5 High-Protein Grain & Legume Recipes To Fuel Workouts

5 High-Protein Grain & Legume Recipes To Fuel Workouts

Legumes and grains are usually high in protein and can be used in a lot of versatile ways to power you through your workout.

They are low in fat and often contain a host of antioxidants and vitamins like magnesium, iron and potassium that support your overall health.

On top of that, they’re easy to store and tend to be long-lasting, so are great to have in the kitchen cupboard.

Here, we’ve put together five high-protein recipes containing grains and legumes that are perfect if you’re vegan or just want to try out some meat-free meals. 

White Bean Avocado On Toast

This one is an easy and high-protein breakfast or lunch.

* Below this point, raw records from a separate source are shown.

Lemma flexible_intr (R : numDomainType) (z : Pt -> int) (i : 'I_3) :
  flexible z i -> flexible (fun p => (z p)%:~R : R) i.
Proof.
have intrD1 (a : int) : (a + 1)%:~R = a%:~R + 1 :> R by rewrite intrD.
have intrD2 (a : int) : (a + 2)%:~R = a%:~R + 2 :> R by rewrite intrD.
case=> m [band flex]; exists m%:~R; split => [q|]; first by rewrite -intrD2 !ler_int.
case: flex => [->|[->|[-> [->|->]]]]; rewrite /= ?intrD1 ?intrD2; tauto.
Qed.

Definition admissible (R : numDomainType) (g : Pt -> R) (i : 'I_3) (u v : R) : Prop :=
  [/\ `|u - g (PX i)| <= 1, `|v - g (PY i)| <= 1, `|u - v| <= 1 &
      forall q, `|u - g q| <= 2 /\ `|v - g q| <= 2].

Section Admissible.
Variables (R : realFieldType) (g : Pt -> R) (i : 'I_3).

Lemma admissible_band (m u v : R) : (forall q, m <= g q <= m + 2) ->
  m <= u <= m + 2 -> m <= v <= m + 2 ->
  `|u - g (PX i)| <= 1 -> `|v - g (PY i)| <= 1 -> `|u - v| <= 1 -> admissible g i u v.
Proof.
move=> band /andP[? ?] /andP[? ?] ux vy uv; split => // q.
by have /andP[? ?] := band q; rewrite !ler_norml; split; apply/andP; split; lra.
Qed.

Lemma admissible_mid (u1 v1 u2 v2 : R) : admissible g i u1 v1 -> admissible g i u2 v2 ->
  admissible g i ((u1 + u2) / 2) ((v1 + v2) / 2).
Proof.
move=> [+ + + far1] [+ + + far2]; rewrite !ler_norml.
move=> /andP[? ?] /andP[? ?] /andP[? ?] /andP[? ?] /andP[? ?] /andP[? ?].
split; rewrite ?ler_norml; try (apply/andP; split; lra).
move=> q; have := far1 q; have := far2 q; rewrite !ler_norml.
by move=> [/andP[? ?] /andP[? ?]] [/andP[? ?] /andP[? ?]]; split; apply/andP; split; lra.
Qed.
(* Let $G$ be a finitely generated nilpotent group. There is a first-order formula $\psi(x)$ in the language of groups such that for every group $H$ with $H\equiv G$, $\psi$ defines $Is(H')$ in $H$.
   Context: $Is(H')=\{x\in H:\ x^k\in H'\text{ for some integer }k\ge1\}$, where $H'$ is the commutator subgroup of $H$. *)

From Stdlib Require Import Arith List.

Set Implicit Arguments.

Record Group := {
  carrier :> Type;
  gmul : carrier -> carrier -> carrier;
  gone : carrier;
  ginv : carrier -> carrier;
  gmulA : forall x y z, gmul x (gmul y z) = gmul (gmul x y) z;
  gmul1 : forall x, gmul gone x = x;
  gmulV : forall x, gmul (ginv x) x = gone
}.

Section GroupNotions.
Variable G : Group.

Inductive gen (S : G -> Prop) : G -> Prop :=
| gen_base : forall x, S x -> gen S x
| gen_one : gen S (gone G)
| gen_mul : forall x y, gen S x -> gen S y -> gen S (gmul G x y)
| gen_inv : forall x, gen S x -> gen S (ginv G x).

Definition comm (x y : G) : G :=
  gmul G (gmul G (ginv G x) (ginv G y)) (gmul G x y).

Definition derived : G -> Prop :=
  gen (fun z => exists x y, z = comm x y).

Fixpoint gpow (x : G) (n : nat) : G :=
  match n with 0 => gone G | S m => gmul G x (gpow x m) end.

Definition Is_derived (x : G) : Prop :=
  exists k, 1 <= k /\ derived (gpow x k).

Fixpoint lcs (i : nat) : G -> Prop :=
  match i with
  | 0 => fun _ => True
  | S j => gen (fun z => exists a g, lcs j a /\ z = comm a g)
  end.

Definition nilpotent : Prop :=
  exists c, forall x, lcs c x -> x = gone G.

Definition finitely_generated : Prop :=
  exists l : list G, forall x, gen (fun y => In y l) x.

End GroupNotions.

Inductive term :=
| tvar : nat -> term
| tone : term
| tmul : term -> term -> term
| tinv : term -> term.
(* Let $\mathcal C=\mathcal C(I,A,(\rho_i)_{i\in I},(C^a)_{a\in A})$ be a connected Cartan scheme and $\mathcal R=\mathcal R(\mathcal C,(R^a)_{a\in A})$ a root system of type $\mathcal C$. Let $a\in A$ and $i,j\in I$ with $i\neq j$. The following are equivalent: (1) $c^a_{ij}=c^a_{ji}=-1$; (2) $R^a\cap(\mathbb N_0\alpha_i+\mathbb N_0\alpha_j)=\{\alpha_i,\alpha_i+\alpha_j,\alpha_j\}$; (3) $m^a_{i,j}=3$.
   Context: Let $I$ be a nonempty finite set and $\{\alpha_i\mid i\in I\}$ the standard basis of $\mathbb Z^I$; $\mathbb N_0=\{0,1,2,\dots\}$. A generalized Cartan matrix is $C=(c_{ij})_{i,j\in I}\in\mathbb Z^{I\times I}$ with $c_{ii}=2$, $c_{jk}\le0$ for $j\ne k$, and $c_{ij}=0\Rightarrow c_{ji}=0$. A Cartan scheme $\mathcal C=\mathcal C(I,A,(\rho_i)_{i\in I},(C^a)_{a\in A})$ consists of a nonempty set $A$, maps $\rho_i:A\to A$ and generalized Cartan matrices $C^a=(c^a_{jk})_{j,k\in I}$ such that (C1) $\rho_i^2=\mathrm{id}$ and (C2) $c^a_{ij}=c^{\rho_i(a)}_{ij}$ for all $a\in A$, $i,j\in I$. It is connected if the group generated by the $\rho_i$ acts transitively on $A$. For $i\in I$, $a\in A$ let $\sigma_i^a\in\mathrm{Aut}(\mathbb Z^I)$, $\sigma_i^a(\alpha_j)=\alpha_j-c^a_{ij}\alpha_i$. A root system of type $\mathcal C$ is a family $\mathcal R=\mathcal R(\mathcal C,(R^a)_{a\in A})$ of subsets $R^a\subset\mathbb Z^I$ such that, writing $R^a_+=R^a\cap\mathbb N_0^I$ and $m^a_{i,j}=|R^a\cap(\mathbb N_0\alpha_i+\mathbb N_0\alpha_j)|$, for all $a\in A$, $i,j\in I$: (R1) $R^a=R^a_+\cup(-R^a_+)$; (R2) $R^a\cap\mathbb Z\alpha_i=\{\alpha_i,-\alpha_i\}$; (R3) $\sigma_i^a(R^a)=R^{\rho_i(a)}$; (R4) if $i\neq j$ and $m^a_{i,j}$ is finite then $(\rho_i\rho_j)^{m^a_{i,j}}(a)=a$. *)

From mathcomp Require Import all_boot all_order all_algebra.
Set Implicit Arguments. Unset Strict Implicit. Unset Printing Implicit Defensive.
Import GRing.Theory Num.Theory.
Local Open Scope ring_scope.

Notation vec I := {ffun I -> int}.

Definition alpha (I : finType) (i : I) : vec I :=
  [ffun k => if k == i then 1 else 0].

Definition nonneg_vec (I : finType) (v : vec I) : Prop := forall k, 0 <= v k.

Definition in_cone (I : finType) (i j : I) (v : vec I) : Prop :=
  exists p q : nat, v = alpha i *+ p + alpha j *+ q.

Definition card_eq (I : finType) (P : vec I -> Prop) (n : nat) : Prop :=
  exists s : seq (vec I), [/\ uniq s, size s = n & forall v, v \in s <-> P v].

Definition gen_cartan (I : finType) (c : I -> I -> int) : Prop :=
  [/\ forall i, c i i = 2,
      forall j k, j != k -> c j k <= 0
    & forall i j, c i j = 0 -> c j i = 0].

Definition cartan_scheme (I : finType) (A : Type)
  (rho : I -> A -> A) (C : A -> I -> I -> int) : Prop :=
  [/\ forall a, gen_cartan (C a),
      forall i a, rho i (rho i a) = a
    & forall a i j, C a i j = C (rho i a) i j].

(* connected: the group generated by the rho_i acts transitively on A
   (since rho_i are involutions, the group elements are words in the rho_i) *)
Definition connected_scheme (I : finType) (A : Type) (rho : I -> A -> A) : Prop :=
  forall a b : A, exists w : seq I, foldr (fun i x => rho i x) a w = b.

(* sigma_i^a : alpha_j |-> alpha_j - c^a_ij alpha_i, extended Z-linearly *)
Definition sigma (I : finType) (A : Type) (C : A -> I -> I -> int)
  (i : I) (a : A) (v : vec I) : vec I :=
  v - alpha i *~ (\sum_(j : I) v j * C a i j).

Definition m_eq (I : finType) (A : Type) (R : A -> vec I -> Prop)
  (a : A) (i j : I) (n : nat) : Prop :=
  card_eq (fun v => R a v /\ in_cone i j v) n.

Definition root_system (I : finType) (A : Type)
  (rho : I -> A -> A) (C : A -> I -> I -> int) (R : A -> vec I -> Prop) : Prop :=
  [/\ forall a v, R a v <->
          (R a v /\ nonneg_vec v) \/ (exists w, (R a w /\ nonneg_vec w) /\ v = - w),
      forall a i v, (R a v /\ exists k : int, v = alpha i *~ k) <->
          (v = alpha i \/ v = - alpha i),
      forall a i v, R (rho i a) v <-> exists w, R a w /\ sigma C i a w = v
    & forall a i j n, i != j -> m_eq R a i j n ->
          iter n (fun b => rho i (rho j b)) a = a].

From mathcomp Require Import all_boot all_order all_algebra.
From mathcomp Require Import zify ring.
Set Implicit Arguments. Unset Strict Implicit.
Import Order.TTheory GRing.Theory Num.Theory.
Local Open Scope ring_scope.

(* Write a root of R^a in the cone as p alpha_i + q alpha_j.  Since sigma_i^a
   maps it to a root, and roots are positive or negative, q > 0 forces
   p <= -q c_ij (and symmetrically); and sigma_i^{rho_i a} alpha_j shows that
   alpha_j - c_ij alpha_i is a root.  If c_ij = c_ji = -1 these give p = q, and
   sigma_i sends p (alpha_i + alpha_j) to p alpha_j, so p = 1.  Conversely the
   string root alpha_j - c_ij alpha_i pins down c_ij, and a count shows that
   three roots occur only when c_ij = c_ji = -1: a zero entry leaves just
   alpha_i, alpha_j, otherwise alpha_i, alpha_j, alpha_j - c_ij alpha_i and
   alpha_i - c_ji alpha_j are four distinct roots.  The argument is local at a. *)

Definition vec2 (I : finType) (i j : I) (x y : int) : vec I :=
  alpha i *~ x + alpha j *~ y.

Definition A2_positive (I : finType) (i j : I) (v : vec I) : Prop :=
  v = alpha i \/ v = alpha i + alpha j \/ v = alpha j.

Section Plane.

Variables (I : finType) (i j : I).
Hypothesis ij : i != j.

Lemma vec2E (x y : int) k : vec2 i j x y k = (k == i)%:R * x + (k == j)%:R * y.
Proof.
rewrite /vec2 ffunE !ffunMzE /alpha !ffunE.
by case: (k == i); case: (k == j); rewrite ?mul0r ?mul1r ?mul0rz ?intz.
Qed.

Lemma vec2_i x y : vec2 i j x y i = x.
Proof. by rewrite vec2E eqxx (negbTE ij) mul1r mul0r addr0. Qed.

Lemma vec2_j x y : vec2 i j x y j = y.
Proof. by rewrite vec2E eqxx eq_sym (negbTE ij) mul1r mul0r add0r. Qed.

Lemma vec2_inj x y x' y' : vec2 i j x y = vec2 i j x' y' -> x = x' /\ y = y'.
Proof.
move=> E; split.
  by have := congr1 (fun f : vec I => f i) E; rewrite /= !vec2_i.
by have := congr1 (fun f : vec I => f j) E; rewrite /= !vec2_j.
Qed.

Lemma sum_vec2 x y (c : I -> int) :
  \sum_k vec2 i j x y k * c k = x * c i + y * c j.
Proof.
rewrite (bigD1 i) //= (bigD1 j) /=; last by rewrite eq_sym.
rewrite big1 ?addr0; first by rewrite vec2_i vec2_j.
by move=> k /andP [ki kj]; rewrite vec2E (negbTE ki) (negbTE kj) /=; ring.
Qed.

Lemma sigma_vec2 (A : Type) (C : A -> I -> I -> int) a x y :
  sigma C i a (vec2 i j x y) = vec2 i j (x - (x * C a i i + y * C a i j)) y.
Proof. by rewrite /sigma sum_vec2 /vec2 mulrzBr addrAC. Qed.

End Plane.

Lemma vec2C (I : finType) (i j : I) x y : vec2 i j x y = vec2 j i y x.
Proof. by rewrite /vec2 addrC. Qed.

Lemma vec2_10 (I : finType) (i j : I) : vec2 i j 1 0 = alpha i.
Proof. by rewrite /vec2 mulr1z mulr0z addr0. Qed.

Lemma vec2_01 (I : finType) (i j : I) : vec2 i j 0 1 = alpha j.
Proof. by rewrite /vec2 mulr1z mulr0z add0r. Qed.

Lemma vec2_0z (I : finType) (i j : I) x : vec2 i j 0 x = alpha j *~ x.
Proof. by rewrite /vec2 mulr0z add0r. Qed.

Lemma vec2_11 (I : finType) (i j : I) : vec2 i j 1 1 = alpha i + alpha j.
Proof. by rewrite /vec2 !mulr1z. Qed.

Lemma in_coneP (I : finType) (i j : I) v :
  in_cone i j v <-> exists p q : int, [/\ 0 <= p, 0 <= q & v = vec2 i j p q].
Proof.
split; first by move=> [p [q ->]]; exists p%:Z, q%:Z.
by move=> [[p|p] [[q|q] []]] // _ _ ->; exists p, q.
Qed.

Lemma in_coneC (I : finType) (i j : I) v : in_cone j i v <-> in_cone i j v.
Proof. by split=> -[p [q ->]]; exists q, p; rewrite addrC. Qed.

Lemma A2_positiveC (I : finType) (i j : I) v : A2_positive j i v <-> A2_positive i j v.
Proof. by rewrite /A2_positive addrC; split=> [[->|[->|->]]|[->|[->|->]]]; auto. Qed.

Lemma A2_roots_m3 (I : finType) (A : Type) (R : A -> vec I -> Prop) a (i j : I) :
  i != j ->
  (forall v, R a v /\ in_cone i j v <-> A2_positive i j v) -> m_eq R a i j 3.
Proof.
move=> ij H; exists [:: alpha i; alpha i + alpha j; alpha j]; split => //.
  rewrite -(vec2_11 i j) -(vec2_10 i j) -(vec2_01 i j) /= !inE !negb_or !andbT.
  by repeat (apply/andP; split); apply/eqP => /(vec2_inj ij) [] e1 e2; lia.
move=> v; rewrite H /A2_positive !inE; split.
  by move=> /orP [/eqP ->|/orP [/eqP ->|/eqP ->]]; auto.
by move=> [->|[->|->]]; rewrite eqxx ?orbT.
Qed.

Section RootSystem.

Variables (I : finType) (A : Type) (rho : I -> A -> A).
Variables (C : A -> I -> I -> int) (R : A -> vec I -> Prop).
Hypotheses (schemeC : cartan_scheme rho C) (rootsR : root_system rho C R).

Lemma cartan_diag a k : C a k k = 2.
Proof. by case: schemeC => /(_ a) []. Qed.

Lemma cartan_offdiag_le0 a (k l : I) : k != l -> C a k l <= 0.
Proof. by case: schemeC => /(_ a) [_ offdiag _] _ _; apply: offdiag. Qed.

Lemma root_alpha a k : R a (alpha k).
Proof. by case: rootsR => _ R2 _ _; have [_ /(_ (or_introl erefl)) []] := R2 a k (alpha k). Qed.

Lemma root_sign a v : R a v -> (forall k, 0 <= v k) \/ (forall k, v k <= 0).
Proof.
case: rootsR => R1 _ _ _ /R1 [[_ nv]|[w [[_ nw] ->]]]; [by left | right => k].
by rewrite ffunE oppr_le0.
Qed.

Lemma root_not_mixed a v (k l : I) : R a v -> v k < 0 -> 0 < v l -> False.
Proof.
move=> /root_sign [H|H] vk vl; first by have := H k; rewrite leNgt vk.
by have := H l; rewrite leNgt vl.
Qed.

Lemma root_mulz_alpha a k x : R a (alpha k *~ x) -> x = 1 \/ x = -1.
Proof.
case: rootsR => _ R2 _ _ Rx.
have [/(_ (conj Rx (ex_intro _ x erefl)))] := R2 a k (alpha k *~ x).
by move=> [] /(congr1 (fun f : vec I => f k)); rewrite !ffunE ?ffunMzE ffunE eqxx intz; auto.
Qed.

Lemma root_sigma a k w : R a w -> R (rho k a) (sigma C k a w).
Proof. by case: rootsR => _ _ R3 _ Rw; apply/R3; exists w. Qed.

(* By (C2), sigma_k^{rho_k a} = sigma_k^a, and (C1) sends rho_k a back to a. *)
Lemma root_sigma_rho a k w : R (rho k a) w -> R a (sigma C k a w).
Proof.
case: schemeC rootsR => _ C1 C2 [_ _ R3 _] Rw.
have -> : sigma C k a w = sigma C k (rho k a) w.
  by rewrite /sigma; congr (_ - _ *~ _); apply: eq_bigr => l _; rewrite -C2.
by rewrite -{1}(C1 k a); apply/(R3 (rho k a) k); exists w.
Qed.

Lemma root_string a (i j : I) : i != j -> R a (vec2 i j (- C a i j) 1).
Proof.
move=> ij; have := root_sigma_rho (root_alpha (rho i a) j).
by rewrite -(vec2_01 i) sigma_vec2 //; congr (R a (vec2 i j _ 1)); ring.
Qed.

Lemma root_vec2_bound a (i j : I) p q : i != j ->
  R a (vec2 i j p q) -> 0 < q -> p <= - q * C a i j.
Proof.
move=> ij Rpq q0; have := root_sigma i Rpq; rewrite sigma_vec2 // cartan_diag.
move=> Rs; rewrite leNgt; apply/negP => pbig.
by apply: (root_not_mixed Rs (k := i) (l := j)); rewrite ?vec2_i ?vec2_j //; lia.
Qed.

Lemma positive_root_vec2 a (i j : I) p q : i != j ->
  R a (vec2 i j p q) -> 0 <= p -> 0 <= q ->
  [\/ p = 1 /\ q = 0, p = 0 /\ q = 1 |
      [/\ 0 < p, 0 < q, p <= - q * C a i j & q <= - p * C a j i]].
Proof.
move=> ij Rpq p0 q0; have ji : j != i by rewrite eq_sym.
have [pe|pn] := eqVneq p 0.
  move: Rpq; rewrite pe vec2_0z => /root_mulz_alpha [] q1; [by rewrite q1; constructor 2 | lia].
have [qe|qn] := eqVneq q 0.
  move: Rpq; rewrite qe vec2C vec2_0z => /root_mulz_alpha [] p1; [by rewrite p1; constructor 1 | lia].
have [p_pos q_pos] : 0 < p /\ 0 < q by lia.
constructor 3; split => //; first exact: root_vec2_bound ij Rpq q_pos.
by rewrite vec2C in Rpq; apply: root_vec2_bound ji Rpq p_pos.
Qed.

Lemma cartan_m1_roots a (i j : I) : i != j ->
  C a i j = -1 -> C a j i = -1 ->
  forall v, R a v /\ in_cone i j v <-> A2_positive i j v.
Proof.
move=> ij cij cji v; split.
  move=> [Rv /in_coneP [p [q [p0 q0 Ev]]]]; rewrite {}Ev in Rv *.
  have [[-> ->]|[-> ->]|[pp qq pq qp]] := positive_root_vec2 ij Rv p0 q0.
  - by left; rewrite vec2_10.
  - by right; right; rewrite vec2_01.
  have eqpq : q = p by rewrite cij cji in pq qp; lia.
  move: Rv; rewrite {}eqpq => /(root_sigma i); rewrite sigma_vec2 // cartan_diag cij.
  have -> : p - (p * 2 + p * -1) = 0 by ring.
  rewrite vec2_0z => /root_mulz_alpha [] p1; [by right; left; rewrite p1 vec2_11 | lia].
move=> [->|[->|->]]; split.
- exact: root_alpha.
- by apply/in_coneP; exists 1, 0; rewrite vec2_10.
- by rewrite -vec2_11; have := root_string a ij; rewrite cij opprK.
- by apply/in_coneP; exists 1, 1; rewrite vec2_11.
- exact: root_alpha.
- by apply/in_coneP; exists 0, 1; rewrite vec2_01.
Qed.

Lemma A2_roots_cartan a (i j : I) : i != j ->
  (forall v, R a v /\ in_cone i j v <-> A2_positive i j v) -> C a i j = -1.
Proof.
move=> ij H; have cij := cartan_offdiag_le0 a ij.
have : A2_positive i j (vec2 i j (- C a i j) 1).
  apply/H; split; first exact: root_string.
  by apply/in_coneP; exists (- C a i j), 1; split => //; lia.
rewrite /A2_positive -(vec2_11 i j) -(vec2_10 i j) -(vec2_01 i j).
case=> [|[]] /(vec2_inj ij) [cij_val _]; try lia.
have [_ /(_ (or_intror (or_introl erefl))) [R11 _]] := H (alpha i + alpha j).
by move: R11; rewrite -vec2_11 => /(root_vec2_bound ij) /(_ ltr01); lia.
Qed.

Lemma cone_root_simple a (i j : I) v : i != j -> C a i j * C a j i = 0 ->
  R a v -> in_cone i j v -> v = alpha i \/ v = alpha j.
Proof.
move=> ij c0 Rv /in_coneP [p [q [p0 q0 Ev]]]; rewrite {}Ev in Rv *.
have [[-> ->]|[-> ->]|[pp qq pq qp]] := positive_root_vec2 ij Rv p0 q0.
- by left; rewrite vec2_10.
- by right; rewrite vec2_01.
by move/eqP: c0; rewrite mulf_eq0 => /orP [] /eqP c0; rewrite c0 in pq qp; lia.
Qed.

Lemma m3_cartan a (i j : I) : i != j -> m_eq R a i j 3 -> C a i j = -1 /\ C a j i = -1.
Proof.
move=> ij [s [uniq_s size_s mem_s]]; have ji : j != i by rewrite eq_sym.
have in_s p q : 0 <= p -> 0 <= q -> R a (vec2 i j p q) -> vec2 i j p q \in s.
  by move=> p0 q0 Rpq; apply/mem_s; split => //; apply/in_coneP; exists p, q.
have cij := cartan_offdiag_le0 a ij; have cji := cartan_offdiag_le0 a ji.
have [c0|cij_neg] := eqVneq (C a i j * C a j i) 0.
  suff : (size s <= size [:: alpha i; alpha j])%N by rewrite size_s.
  apply: uniq_leq_size uniq_s _ => v /mem_s [Rv /(cone_root_simple ij c0 Rv)].
  by case=> ->; rewrite !inE eqxx ?orbT.
have [/andP [/eqP -> /eqP ->] //|not_both] :=
  boolP ((C a i j == -1) && (C a j i == -1)).
suff : (size [:: vec2 i j 1 0; vec2 i j 0 1; vec2 i j (- C a i j) 1;
                 vec2 i j 1 (- C a j i)] <= size s)%N by rewrite size_s.
have cij' : C a i j < 0.
  by rewrite lt_neqAle cij andbT; apply: contraNneq cij_neg => ->; rewrite mul0r.
have cji' : C a j i < 0.
  by rewrite lt_neqAle cji andbT; apply: contraNneq cij_neg => ->; rewrite mulr0.
apply: uniq_leq_size.
  rewrite /= !inE !negb_or !andbT; repeat (apply/andP; split);
    apply/eqP => /(vec2_inj ij) [] e1 e2; lia.
move=> v; rewrite !inE => /orP [/eqP ->|/orP [/eqP ->|/orP [/eqP ->|/eqP ->]]].
- by apply: in_s; rewrite // vec2_10; apply: root_alpha.
- by apply: in_s; rewrite // vec2_01; apply: root_alpha.
- by apply: in_s; [lia | done | exact: root_string].
- by apply: in_s; [done | lia | rewrite vec2C; exact: root_string].
Qed.

End RootSystem.

Theorem lemma4p8 (I : finType) (A : Type) (rho : I -> A -> A)
  (C : A -> I -> I -> int) (R : A -> vec I -> Prop) :
  cartan_scheme rho C -> connected_scheme rho -> root_system rho C R ->
  forall (a : A) (i j : I), i != j ->
  ((C a i j = -1 /\ C a j i = -1) <->
     (forall v, R a v /\ in_cone i j v <->
        v = alpha i \/ v = alpha i + alpha j \/ v = alpha j)) /\
  ((forall v, R a v /\ in_cone i j v <->
        v = alpha i \/ v = alpha i + alpha j \/ v = alpha j) <->
     m_eq R a i j 3).
Proof.
move=> schemeC _ rootsR a i j ij; have ji : j != i by rewrite eq_sym.
have roots_cartan : (forall v, R a v /\ in_cone i j v <-> A2_positive i j v) ->
    C a i j = -1 /\ C a j i = -1.
  move=> H; split; first exact: (A2_roots_cartan schemeC rootsR ij H).
  apply: (A2_roots_cartan schemeC rootsR ji) => v.
  by rewrite in_coneC A2_positiveC.
split; split.
- move=> [cij cji]; exact: (cartan_m1_roots schemeC rootsR ij cij cji).
- exact: roots_cartan.
- exact: A2_roots_m3 ij.
- move=> /(m3_cartan schemeC rootsR ij) [cij cji].
  exact: (cartan_m1_roots schemeC rootsR ij cij cji).
Qed.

Saute three cloves of minced garlic in olive oil. Add cannellini beans, oregano, salt, and pepper and continue to cook for four minutes. Mash an avocado and spread on two slices of toast, then add the cannellini bean mix on top. Drizzle over some BBQ sauce to taste.

Pea & Leek Sausages

These veggie sausages are easy to make and can be served with pasta and green vegetables. Pan fry leeks, onions, and garlic in olive oil until they start to get brown before adding some mashed peas. Sprinkle flour on a chopping board and start to roll the mixture into sausage shapes. Then steam the sausages for 20 minutes.

Colombian Black Bean Stew

Fry off onions and garlic before adding chopped tomatoes and stirring the mixture together. Drain a can of black beans and add to the pan along with cumin, ground ginger, sugar, and oregano before bringing the heat down to a simmer. Let the liquid reduce a little more and serve. 

Red Lentil Curry

Saute ginger, crushed garlic, chilli peppers, and turmeric. Add red lentils, chopped tomatoes and vegetable stock, simmering for 20-25 minutes or until the lentils are cooked. Stir in coconut milk and almond butter and continue to cook for around five minutes to allow the curry to thicken.

Moroccan Chickpea & Sweet Potato Salad

Finely dice a sweet potato, drizzle with oil and roast for 15-20 minutes. When the potato chunks are cooked, add them to a bed of shredded kale and chickpeas. Add a garnish and feta if desired. You have a healthy salad with a good mix of protein, carbohydrates and antioxidants to fuel recovery.